Material. Material design (yes, like the Google design language) is about using light and colors to illuminate from behind. But it’s not just transparency or blur, Gusmorino said, but rather a way to create more natural experiences by designing user experiences to emulate real world materials. In this first wave, we’re getting one material, called acrylic. But there will be more, and these material designs provide the sorts of effects that were previously only seen in gaming and video production. They work well for creating visual hierarchy, and for navigation chromes with different levels of opacity. For example, the Maps app utilizes almost the full app window area to display its map, but the top toolbar area—the “chrome”—can allow the map to subtly blur as it moves underneath it.

Connected animations Aimed at easing the jarring effect that often accompanies navigating between different UIs—for example, clicking a hyperlink to load a new web page or selecting an album in Groove to display the album view for that content—connected animations are all about motion. They’re cinematic, choreographed animations, where on-screen elements move, resize, and fade as you move from one screen to another. “Connected animations are useful when you’re drilling in (to an app), and when you’re drilling out, to recontextualize you,” Gusmorino noted.

Conscious controls. This category of design investments is the next step in responsive design, Microsoft claims. That is, it’s not enough for a design to be responsive to form factor changes (like rotating a screen from portrait to landscape) or app resizing and positioning. It should also understand your intent, or what you are trying to do. This is a vague area, so some examples will probably help. In the Windows 10 Creators Update, Microsoft debuted a new UWP scrollbar that has three states instead of the previous two: Hidden, partially visible (when you mouse over the window; this is the new state), and visible (when you mouse over the scrollbar itself). “It only shows up when you need it,” Gusmorino explained. “When you have multiple panes in an app, you don’t want scrollbars everywhere.” Microsoft showed off another example in the Build 2017 day two key: The new Edge address bar that opens up a text writing area when you tap on it with a pen (as opposed to clicking it with a mouse). “The UI is conscious of what you’re trying to do with it,” Gusmorino added. “And not retroactively, but proactively.”

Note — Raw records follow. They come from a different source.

Lemma separation_card c d C1 C2 : separation c d C1 C2 ->
  (#|[set p | d p]| < #|[set p | c p]|)%N.
Proof.
move=> sep; case: (sep) => c_pref C_class C_dis /andP[/set0Pn[z zC1] /set0Pn[y yC2]] ->.
have yC : y \in C1 :|: C2 by rewrite inE yC2 orbT.
have zC : z \in C1 :|: C2 by rewrite inE zC1.
apply: proper_card; apply/properP; split.
  by apply/subsetP => -[u v]; rewrite !inE; apply: separate_subrel.
exists (y, z); rewrite inE.
  by have /andP[] : indiff c y z by rewrite -(class_mem _ c_pref C_class yC).
rewrite -/(rel_of _ y z) separateE yC zC (disjointFl C_dis yC2) (disjointFr C_dis zC1).
by [].
Qed.

Lemma separation_indiff_mem r r' C1 C2 a b : separation r r' C1 C2 ->
  rel_of r a b -> rel_of r' b a ->
  [/\ indiff r a b, a \in C1 -> b \in C1 & b \in C2 -> a \in C2].
Proof.
move=> sep ab ba.
have ab_indiff : indiff r a b by rewrite /indiff ab (separation_subrel sep ba).
case: sep ba => r_pref C_class C_dis _ -> ba.
have mem_ab := class_indiff_mem r_pref C_class ab_indiff.
split=> // [aC1 | bC2].
  have aC : a \in C1 :|: C2 by rewrite inE aC1.
  by move: ba; rewrite separateE aC -mem_ab aC (disjointFr C_dis aC1) orbF.
have bC : b \in C1 :|: C2 by rewrite inE bC2 orbT.
by move: ba; rewrite separateE bC mem_ab bC (disjointFl C_dis bC2).
Qed.

Lemma subrel_separation c c' : is_pref c -> is_pref c' -> subrel (rel_of c') (rel_of c) ->
  c != c' -> exists d C1 C2, separation c d C1 C2 /\ subrel (rel_of c') (rel_of d).
Proof.
move=> c_pref [c'_total c'_tr] c'c neq.
have [[y z] /andP[cyz c'yzN] | c_eq] := pickP [pred p | c p && ~~ c' p]; last first.
  case/eqP: neq; apply/ffunP => -[u v]; have := c_eq (u, v); have := c'c u v.
  by rewrite /rel_of /=; case: (c (u, v)); case: (c' (u, v)) => // ->.
have c'zy : rel_of c' z y by have := c'_total y z; rewrite /rel_of (negbTE c'yzN).
pose C := [set w | indiff c z w].
pose C1 := [set w in C | rel_of c' w z]; pose C2 := [set w in C | ~~ rel_of c' w z].
have CE : C1 :|: C2 = C by apply/setP => w; rewrite !inE -andb_orr orbN andbT.
have C_dis : [disjoint C1 & C2].
  by rewrite -setI_eq0; apply/eqP/setP => w; rewrite !inE andbACA andbN andbF.
exists (separate c C1 C2), C1, C2; split.
  split=> //; first by rewrite CE; exists z.
  apply/andP; split; apply/set0Pn; [exists z | exists y]; rewrite !inE.
    by rewrite indiff_refl // (pref_refl _ (conj c'_total c'_tr)).
  by rewrite /indiff (c'c _ _ c'zy) c'yzN /= andbT; exact: cyz.
move=> u v c'uv; rewrite separateE CE; case: ifP => [/andP[uC vC] | _]; last exact: c'c.
move: uC vC; rewrite !inE => -> -> /=.
case: (boolP (rel_of c' v z)) => [vz | _]; last by rewrite orbT.
by rewrite (c'_tr _ _ _ c'uv vz).
Qed.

Perspective parallax. You might be familiar with this effect from video games—for me, Shadow of the Beast will always be the best example—but the idea is to create a sense of depth with parallax, where different on-screen elements scroll at a different speed, creating a more engaging, immersive, and natural experience. This one debuted a long time ago, actually, in the Groove app, where you scroll in certain views (like an album view) and the various on-screen elements move and then resize and then ultimately hide as move down the page. (That effect occurs via a conscious control, a header, as well.) But Microsoft will be expanding it to other apps, like Store, Photos, and more.

Of course, Fluent will be evolved further in subsequent waves, where other new user experiences will be rolled out over time. And while wave one was initially designed in secret, essentially, Gusmorino noted that users and developers will still be able to impact this design via the Windows 10 Insider Preview. And will be able to continue doing so with subsequent waves, which will be developed openly with the community.

Gusmorino also provided a very quick look at some Fluent user experiences we might see appear in wave two, which I assume is post-Fall Creators Update. These include speech, z-depth layering, spatial sound, and more.

But even in the first wave, the Fluent Design System actually looks pretty great. The only questions are how quickly this happens, and how it will change over time based on feedback.